The Hungarian language has a very useful expression for this activity of making a space habitable or homelike. The sentence Péter a házban lakik means Péter lives in the house, while the sentence Péter belakja a házat means that Péter does things that make the house he lives in feel like his own space or home. Be in Hungarian is a preposition meaning into, so belakni does not simply stand for habitation in a given space (house, room, apartment), but also what one does to it. It is in this second sense that I wish to use the English expressions to inhabit and inhabitation, implying that inhabiting is not something passive, but a rather complex process in which human beings build a personal relation with the space they inhabit: they grow emotional ties to the space, establish repeated practices that make certain parts of the space meaningful (for example, This is where I drink my morning coffee.

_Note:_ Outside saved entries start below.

Lemma size_arg_lt f ts1 s ts2 : size s < size (Fun f (ts1 ++ s :: ts2)).
Proof.
  simpl. rewrite map_app, list_sum_app. simpl. lia.
Qed.

Lemma rstep_subst (R : rules F) th s t :
  rstep R s t -> rstep R (subst th s) (subst th t).
Proof.
  induction 1; simpl.
  - rewrite !subst_comp. apply rstep_root; auto.
  - rewrite !map_app. apply rstep_ctx; auto.
Qed.

Lemma convB_subst (B : rules F) th s t :
  convB B s t -> convB B (subst th s) (subst th t).
Proof.
  induction 1.
  - apply rst_step, rstep_subst; auto.
  - apply rst_refl.
  - apply rst_sym; auto.
  - eapply rst_trans; eauto.
Qed.

Lemma rstep_mono (R R' : rules F) s t :
  (forall l r, R l r -> R' l r) -> rstep R s t -> rstep R' s t.
Proof. intros HR. induction 1; constructor; auto. Qed.

Lemma rstep_rule (R : rules F) l r : R l r -> rstep R l r.
Proof.
  intros Hlr. pose proof (@rstep_root F R l r (Var F) Hlr) as H.
  rewrite !subst_Var in H. exact H.
Qed.

Lemma rstep_small_lhs (R : rules F) s t :
  rstep R s t -> rstep (fun l r => R l r /\ size l <= size s) s t.
Proof.
  induction 1 as [l r sg Hlr|f ts1 ts2 s' t' _ IH].
  - apply rstep_root. split; [exact Hlr|apply size_subst].
  - apply rstep_ctx. revert IH. apply rstep_mono.
    intros l r [Hlr Hl]. split; [exact Hlr|].
    pose proof (size_arg_lt f ts1 s' ts2). lia.
Qed.

Lemma rstep_flip (R : rules F) s t : rstep R s t -> rstep (fun l r => R r l) t s.
Proof.
  induction 1.
  - apply rstep_root with (R := fun l r => R r l); auto.
  - apply rstep_ctx; auto.
Qed.

Lemma rtc_NF (R : rules F) s u :
  clos_refl_trans term (rstep R) s u -> NF (rstep R) s -> u = s.
Proof.
  intros Hsu HN. apply clos_rt_rt1n in Hsu.
  destruct Hsu as [|s' ? Hs]; [reflexivity|destruct (HN _ Hs)].
Qed.

Lemma NF_subst_of_retraction (R : rules F) (sg tau : nat -> term) t :
  subst tau (subst sg t) = t -> NF (rstep R) t -> NF (rstep R) (subst sg t).
Proof.
  intros Et HN u Hu. apply (HN (subst tau u)). rewrite <- Et at 1. apply rstep_subst, Hu.
Qed.

End Terms.

Section WellFormed.
Variable F : Type.
Variable ar : F -> nat.

Lemma wf_subst_occ (s : nat -> term F) t x : wf ar (subst s t) -> occ x t -> wf ar (s x).
Proof.
  intros Hw Ho. induction Ho; simpl in Hw; auto.
  inversion Hw as [|? ? _ Hall]; subst. apply IHHo, Hall, in_map. assumption.
Qed.

Lemma wf_subst (s : nat -> term F) t :
  wf ar t -> (forall x, occ x t -> wf ar (s x)) -> wf ar (subst s t).
Proof.
  induction 1 as [x|f ts Hlen _ IH]; simpl; intros Hx.
  - apply Hx. constructor.
  - constructor; [rewrite length_map; exact Hlen|].
    intros u Hu. apply in_map_iff in Hu as [v [<- Hv]].
    apply IH; auto. intros y Hy. apply Hx. econstructor; eauto.
Qed.

Lemma rstep_wf (R : rules F) s t :
  (forall l r, R l r -> wf ar r /\ (forall x, occ x r -> occ x l)) ->
  rstep R s t -> wf ar s -> wf ar t.
Proof.
  intros HR. induction 1 as [l r sg Hlr|f ts1 ts2 s' t' _ IH]; intros Hw.
  - destruct (HR _ _ Hlr) as [Hr Hv]. apply wf_subst; auto.
    intros x Hx. eapply wf_subst_occ; eauto.
  - inversion Hw as [|? ? Hlen Hall]; subst. constructor.
    + rewrite length_app in *. exact Hlen.
    + intros u Hu. apply in_app_or in Hu as [Hu|[<-|Hu]];
        [|apply IH|]; apply Hall, in_or_app; simpl; auto.
Qed.
(* Let $\alpha>0>\beta$ with $|\beta|<\alpha$, and put $\delta=\left(\frac{\alpha-\beta}{\alpha+\beta}\right)^2>1$, $K=\frac{2\alpha}{(\alpha+\beta)^2}$, $M=\delta^{\frac{1}{1-\delta}}-\delta^{\frac{\delta}{1-\delta}}$ and $T_M=\frac{\ln\delta}{K(\delta-1)}$. Let $\omega>0$, $\gamma>0$, $k_1>0$, and for $T\ge 0$, $s\in\mathbb{R}$, $y>0$ let $$\mathcal{G}_T(s,y)=\left(s-\frac{\ln y}{K}-T,\; y^{\delta}+\gamma\bigl(1+k_1\sin(2\omega s)\bigr)\right).$$ If $\gamma=M/(1+k_1)$ or $\gamma=M/(1-k_1)$, and $T=T_M$, then at every fixed point $(s,y)$ of $\mathcal{G}_T$ the derivative $D\mathcal{G}_T(s,y)$ has $1$ as a double eigenvalue and is not the identity. Moreover, these are the only situations in which $D\mathcal{G}_T(s,y)$ has a double eigenvalue $1$ at a fixed point $(s,y)$ of $\mathcal{G}_T$. *)

From HB Require Import structures.
From mathcomp Require Import all_boot all_order all_algebra.
From mathcomp Require Import all_classical all_reals all_analysis.
Set Implicit Arguments. Unset Strict Implicit. Unset Printing Implicit Defensive.
Import Order.TTheory GRing.Theory Num.Theory.
Local Open Scope ring_scope.

Section Defs.
Variable R : realType.

Definition GT (delta K T gamma k1 omega : R) (s y : R) : R * R :=
  (s - ln y / K - T, y `^ delta + gamma * (1 + k1 * sin (2 * omega * s))).

Definition partial1 (f : R -> R -> R) (s y : R) : R := derive1 (fun t => f t y) s.
Definition partial2 (f : R -> R -> R) (s y : R) : R := derive1 (fun t => f s t) y.

Definition jac2 (F : R -> R -> R * R) (s y : R) : 'M[R]_2 :=
  \matrix_(i < 2, j < 2)
    (let fi := fun a b => if i == 0 :> nat then (F a b).1 else (F a b).2 in
     if j == 0 :> nat then partial1 fi s y else partial2 fi s y).

Definition double_eigenvalue_one (A : 'M[R]_2) : Prop :=
  char_poly A = ('X - 1%:P) ^+ 2.

End Defs.

(* The Jacobian of G_T at (s, y) is
   [[1, -1/(K y)], [2 omega gamma k1 cos (2 omega s), delta y^(delta - 1)]].
   Its characteristic polynomial is (X - 1)^2 iff its trace is 2 and its
   determinant is 1, i.e. iff delta y^(delta - 1) = 1 and cos (2 omega s) = 0;
   the upper right entry never vanishes, so it is never the identity.  The
   first condition says that y is the critical point y* = delta^(1/(1-delta))
   of y - y^delta.  At a fixed point the first coordinate gives ln y = -K T,
   so y = y* iff T = T_M, and then the second coordinate reads
   gamma (1 + k1 sin (2 omega s)) = y* - y*^delta = M; finally
   cos (2 omega s) = 0 iff sin (2 omega s) = +-1 iff gamma = M / (1 +- k1). *)

From HB Require Import structures.
From mathcomp Require Import all_boot all_order all_algebra.
From mathcomp Require Import all_classical all_reals all_analysis.
From mathcomp Require Import ring lra.
Set Implicit Arguments. Unset Strict Implicit. Unset Printing Implicit Defensive.
Import Order.TTheory GRing.Theory Num.Theory.
Local Open Scope ring_scope.

Section CharPolyMx2.
Variable R : comNzRingType.
Implicit Type A : 'M[R]_2.

Lemma mxtrace_mx2 A : \tr A = A 0 0 + A 1 1.
Proof.
by rewrite /mxtrace !big_ord_recl big_ord0 addr0; congr (_ + A _ _); apply: val_inj.
Qed.

Lemma det_mx2 A : \det A = A 0 0 * A 1 1 - A 0 1 * A 1 0.
Proof.
rewrite (expand_det_row _ 0) !big_ord_recl big_ord0 /cofactor !det_mx11 !mxE /=.
rewrite addr0 expr0 mul1r expr1 /= mulN1r mulrN.
by congr (_ * A _ _ - _ * A _ _); try congr (A _ _); apply: val_inj.
Qed.

Lemma char_poly_mx2 A : char_poly A = 'X^2 - (\tr A) *: 'X + (\det A)%:P.
Proof.
have size_chA := size_char_poly A.
apply/polyP => -[|[|[|i]]].
- by rewrite char_poly_det expr2 mulrNN !mul1r !coefE /=; ring.
- by have /= -> := char_poly_trace A (isT : 0 < 2)%N; rewrite !coefE /=; ring.
- have /monicP := char_poly_monic A; rewrite lead_coefE size_chA /= => ->.
  by rewrite !coefE /=; ring.
- by rewrite (leq_sizeP _ _ (eq_leq size_chA)) // !coefE /= mulr0 subr0 addr0.
Qed.

Lemma XsubC1_sqr : ('X - 1%:P) ^+ 2 = 'X^2 - 2 *: 'X + 1%:P :> {poly R}.
Proof. by rewrite sqrrB expr1n mulr1 scaler_nat polyC1. Qed.

Lemma char_poly_mx2_XsubC1_sqr A :
  char_poly A = ('X - 1%:P) ^+ 2 <-> \tr A = 2 /\ \det A = 1.
Proof.
rewrite char_poly_mx2 XsubC1_sqr; split => [E | [-> ->] //].
have := congr1 (fun p : {poly R} => p`_1) E; have := congr1 (fun p : {poly R} => p`_0) E.
by rewrite !coefE /= !mulr0 !mulr1 !sub0r !addr0 oppr0 !add0r => -> /oppr_inj.
Qed.

Lemma char_poly_mx2_XsubC1_sqr_e00 A : A 0 0 = 1 ->
  char_poly A = ('X - 1%:P) ^+ 2 <-> A 1 1 = 1 /\ A 0 1 * A 1 0 = 0.
Proof.
move=> A00; rewrite char_poly_mx2_XsubC1_sqr mxtrace_mx2 det_mx2 A00 mul1r.
split=> [[/addrI A11 detA] | [A11 ->]]; last by rewrite A11 subr0.
split=> //; apply/oppr_inj/(@addrI _ 1).
by rewrite oppr0 addr0 -[in LHS]A11.
Qed.
End CharPolyMx2.

Lemma eq_div_1DM (F : fieldType) (g k S m c : F) :
  g != 0 -> k != 0 -> m != 0 -> g * (1 + k * S) = m ->
  g = m / (1 + k * c) <-> S = c.
Proof.
move=> g_neq0 k_neq0 m_neq0 gS; split=> [gc | Sc].
  have kc_neq0 : 1 + k * c != 0.
    by apply: contra_neq g_neq0 => kc0; rewrite gc kc0 invr0 mulr0.
  have : g * (1 + k * S) = g * (1 + k * c) by rewrite gS gc divfK.
  by move/(mulfI g_neq0)/addrI/(mulfI k_neq0).
have kc_neq0 : 1 + k * c != 0.
  by apply: contra_neq m_neq0 => kc0; rewrite -gS Sc kc0 mulr0.
by rewrite -gS Sc mulfK.
Qed.

Lemma eq_div1D_or_div1B (F : fieldType) (g k S m : F) :
  g != 0 -> k != 0 -> m != 0 -> g * (1 + k * S) = m ->
  g = m / (1 + k) \/ g = m / (1 - k) <-> S = 1 \/ S = -1.
Proof.
move=> g_neq0 k_neq0 m_neq0 gS.
rewrite -(eq_div_1DM 1 g_neq0 k_neq0 m_neq0 gS).
rewrite -(eq_div_1DM (-1) g_neq0 k_neq0 m_neq0 gS).
by rewrite mulr1 mulrN1.
Qed.

Section RealFacts.
Variable R : realType.

Lemma cos_eq0_sin_pm1 (x : R) : cos x = 0 <-> sin x = 1 \/ sin x = -1.
Proof.
rewrite (rwP eqP) -sqrf_eq0 cos2sin2 subr_eq0 eq_sym sqrf_eq1.
by split=> [/orP[]/eqP|[]->]; [left | right | rewrite eqxx | rewrite eqxx orbT].
Qed.

Lemma gt1_ltr_powR (a : R) : 1 < a -> {homo powR a : x y / x < y}.
Proof.
move=> a_gt1 x y xy; rewrite /powR gt_eqF ?(lt_trans ltr01) // ltr_expR.
by rewrite ltr_pM2r // ln_gt0.
Qed.

Lemma ltr_powR_div1B (d : R) : 1 < d -> d `^ (d / (1 - d)) < d `^ (1 - d)^-1.
Proof.
move=> d_gt1; apply: gt1_ltr_powR => //.
by rewrite -[X in _ < X]mul1r ltr_nM2r // invr_lt0 subr_lt0.
Qed.

Lemma mul_powR_eq1 (d y : R) : 0 < d -> d != 1 -> 0 < y ->
  d * y `^ (d - 1) = 1 <-> y = d `^ (1 - d)^-1.
Proof.
move=> d_gt0 d_neq1 y_gt0; have d1_neq0 : 1 - d != 0 by rewrite subr_eq0 eq_sym.
have lnP (u v : R) : 0 < u -> 0 < v -> u = v <-> ln u = ln v.
  by move=> u_gt0 v_gt0; split=> [-> // | /ln_inj]; apply; rewrite posrE.
rewrite (lnP _ 1) ?mulr_gt0 ?powR_gt0 // (lnP y) ?powR_gt0 //.
rewrite lnM ?posrE ?powR_gt0 //.
rewrite !ln_powR ln1; split=> [lnE | ->]; last by field.
by apply: (mulfI d1_neq0); rewrite mulrA mulfV // mul1r; lra.
Qed.

Lemma sqr_divBD_gt1 (a b : R) : b < 0 < a + b -> 1 < ((a - b) / (a + b)) ^+ 2.
Proof.
case/andP=> b_lt0 ab_gt0.
have q_gt1 : 1 < (a - b) / (a + b) by rewrite ltr_pdivlMr // mul1r; lra.
by rewrite expr2; nra.
Qed.

End RealFacts.

Section GTDerivative.
Variables (R : realType) (delta K T gamma k1 omega : R).
Local Notation G := (GT delta K T gamma k1 omega).

Lemma jac2_GT (s y : R) : 0 < y ->
  jac2 G s y = \matrix_(i < 2, j < 2)
    if i == 0 :> nat then (if j == 0 :> nat then 1 else - (K * y)^-1)
    else if j == 0 :> nat then 2 * omega * gamma * k1 * cos (2 * omega * s)
    else delta * y `^ (delta - 1).
Proof.
move=> y_gt0; apply/matrixP => i j; rewrite !mxE.
case: i => [[|[|i]] lt_i2] //=; case: j => [[|[|j]] lt_j2] //=;
  rewrite /partial1 /partial2 /GT /=.
- by rewrite derive1E derive_val !subr0.
- have ln_der := is_derive1_ln y_gt0.
  by rewrite derive1E derive_val scaler0 !add0r mul1r subr0 invfM.
- rewrite derive1E derive_val !add0r !mul1r /GRing.scale /=; ring.
- have pow_der := is_derive1_powR delta y_gt0.
  by rewrite derive1E derive_val addr0.
Qed.

Lemma GT_fixed (s y : R) : 0 < y -> K != 0 -> G s y = (s, y) ->
  ln y = - (K * T) /\ y `^ delta + gamma * (1 + k1 * sin (2 * omega * s)) = y.
Proof.
move=> y_gt0 K_neq0 [s_eq fixed_y]; split=> //.
have : ln y / K = - T by lra.
by move/(canRL (divfK K_neq0)); rewrite mulNr mulrC.
Qed.

End GTDerivative.

Section GTFixedPoints.
Variables (R : realType) (delta K gamma k1 omega : R).
Hypotheses (delta_gt1 : 1 < delta) (K_gt0 : 0 < K).
Let delta_gt0 : 0 < delta. Proof. exact: lt_trans ltr01 delta_gt1. Qed.
Let delta_neq1 : delta != 1. Proof. by rewrite gt_eqF. Qed.
Local Notation G T := (GT delta K T gamma k1 omega).
Local Notation ystar := (delta `^ (1 - delta)^-1).

Lemma double_eigenvalue_one_jac2_GT (T s y : R) :
  0 < gamma -> 0 < k1 -> 0 < omega -> 0 < y ->
  double_eigenvalue_one (jac2 (G T) s y) <-> y = ystar /\ cos (2 * omega * s) = 0.
Proof.
move=> gamma_gt0 k1_gt0 omega_gt0 y_gt0.
rewrite /double_eigenvalue_one char_poly_mx2_XsubC1_sqr_e00 jac2_GT ?mxE //=.
rewrite mul_powR_eq1 //.
have coef_neq0 : - (K * y)^-1 * (2 * omega * gamma * k1) != 0.
  by rewrite !mulf_neq0 ?oppr_eq0 ?invr_eq0 ?gt_eqF ?mulr_gt0.
rewrite mulrA; split=> -[yE c0]; split=> //; last by rewrite c0 mulr0.
by move/eqP: c0; rewrite mulf_eq0 (negbTE coef_neq0) => /eqP.
Qed.

Lemma jac2_GT_neq1 (T s y : R) : 0 < y -> jac2 (G T) s y != 1%:M.
Proof.
move=> y_gt0; apply/eqP => /matrixP/(_ 0 1); rewrite jac2_GT // !mxE /=.
by apply/eqP; rewrite oppr_eq0 invr_eq0 mulf_neq0 ?gt_eqF.
Qed.

Lemma GT_fixed_ystar (T s y : R) : 0 < y -> G T s y = (s, y) ->
  y = ystar <-> T = ln delta / (K * (delta - 1)).
Proof.
move=> y_gt0 /GT_fixed[//| | lnE _]; first by rewrite gt_eqF.
have d_neq1 : delta - 1 != 0 by rewrite subr_eq0 gt_eqF.
have d1_neq0 : 1 - delta != 0 by rewrite subr_eq0 lt_eqF.
split=> [yE | TE].
  have lnd : ln delta = (1 - delta) * - (K * T).
    by rewrite -lnE yE ln_powR mulrA mulfV ?mul1r.
  by rewrite lnd; field; rewrite d_neq1 gt_eqF.
apply: ln_inj; rewrite ?posrE ?powR_gt0 //.
by rewrite lnE ln_powR TE; field; rewrite d_neq1 d1_neq0 gt_eqF.
Qed.

Lemma GT_fixed_at_ystar (T s : R) : G T s ystar = (s, ystar) ->
  gamma * (1 + k1 * sin (2 * omega * s)) =
  delta `^ (1 - delta)^-1 - delta `^ (delta / (1 - delta)).
Proof.
move=> /GT_fixed[| | _]; rewrite ?powR_gt0 ?gt_eqF //.
by rewrite -powRrM mulrC; lra.
Qed.

End GTFixedPoints.

Theorem proposition10 (R : realType) (alpha beta omega gamma k1 : R)
  (halpha : 0 < alpha) (hbeta : beta < 0) (hab : `|beta| < alpha)
  (homega : 0 < omega) (hgamma : 0 < gamma) (hk1 : 0 < k1) :
  let delta := ((alpha - beta) / (alpha + beta)) ^+ 2 in
  let K := 2 * alpha / (alpha + beta) ^+ 2 in
  let M := delta `^ (1 - delta)^-1 - delta `^ (delta / (1 - delta)) in
  let TM := ln delta / (K * (delta - 1)) in
  ((gamma = M / (1 + k1) \/ gamma = M / (1 - k1)) ->
     forall s y : R, 0 < y ->
       GT delta K TM gamma k1 omega s y = (s, y) ->
       double_eigenvalue_one (jac2 (GT delta K TM gamma k1 omega) s y) /\
       jac2 (GT delta K TM gamma k1 omega) s y != 1%:M)
  /\
  (forall T : R, 0 <= T -> forall s y : R, 0 < y ->
       GT delta K T gamma k1 omega s y = (s, y) ->
       double_eigenvalue_one (jac2 (GT delta K T gamma k1 omega) s y) ->
       (gamma = M / (1 + k1) \/ gamma = M / (1 - k1)) /\ T = TM).
Proof.
move=> delta K M TM.
have ab_gt0 : 0 < alpha + beta by move: hab; rewrite ltr0_norm //; lra.
have delta_gt1 : 1 < delta by apply: sqr_divBD_gt1; rewrite hbeta.
have K_gt0 : 0 < K by rewrite divr_gt0 ?exprn_gt0 ?mulr_gt0.
have M_neq0 : M != 0 by rewrite subr_eq0 gt_eqF ?ltr_powR_div1B.
have branchP T s : let ystar := delta `^ (1 - delta)^-1 in
    GT delta K T gamma k1 omega s ystar = (s, ystar) ->
    gamma = M / (1 + k1) \/ gamma = M / (1 - k1) <-> cos (2 * omega * s) = 0.
  move=> ystar /(GT_fixed_at_ystar delta_gt1 K_gt0) gM; rewrite cos_eq0_sin_pm1.
  exact: eq_div1D_or_div1B (lt0r_neq0 hgamma) (lt0r_neq0 hk1) M_neq0 gM.
split=> [gammaM s y y_gt0 fixed | T _ s y y_gt0 fixed].
  have yE := (GT_fixed_ystar delta_gt1 K_gt0 y_gt0 fixed).2 erefl.
  split; last exact: jac2_GT_neq1.
  apply/double_eigenvalue_one_jac2_GT => //; split=> //.
  by rewrite yE in fixed; apply/(branchP _ _ fixed).
case/double_eigenvalue_one_jac2_GT => // yE cos0.
split; last exact/(GT_fixed_ystar delta_gt1 K_gt0 y_gt0 fixed).
by rewrite yE in fixed; apply/(branchP _ _ fixed).
Qed.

This is where we cuddle up in the evening.). They even place the inhabited space within a larger cultural-ideological matrix—defining one’s home—consciously or unconsciously—as a land of peace, a place of resistance, a bachelor’s room, an opium den, a bunker, a place of taste and culture, a family nest, a luxurious place for others to envy, etc.. The key element in this complex process of the inhabitation or appropriation of space is that—as the Hungarian expression also shows (lakni mans to live or dwell)—it is done while and through living in that space. One can decorate or furnish a house without living there, but this kind of belakás / in-habitation can take place only through one’s repeated daily activities in that space.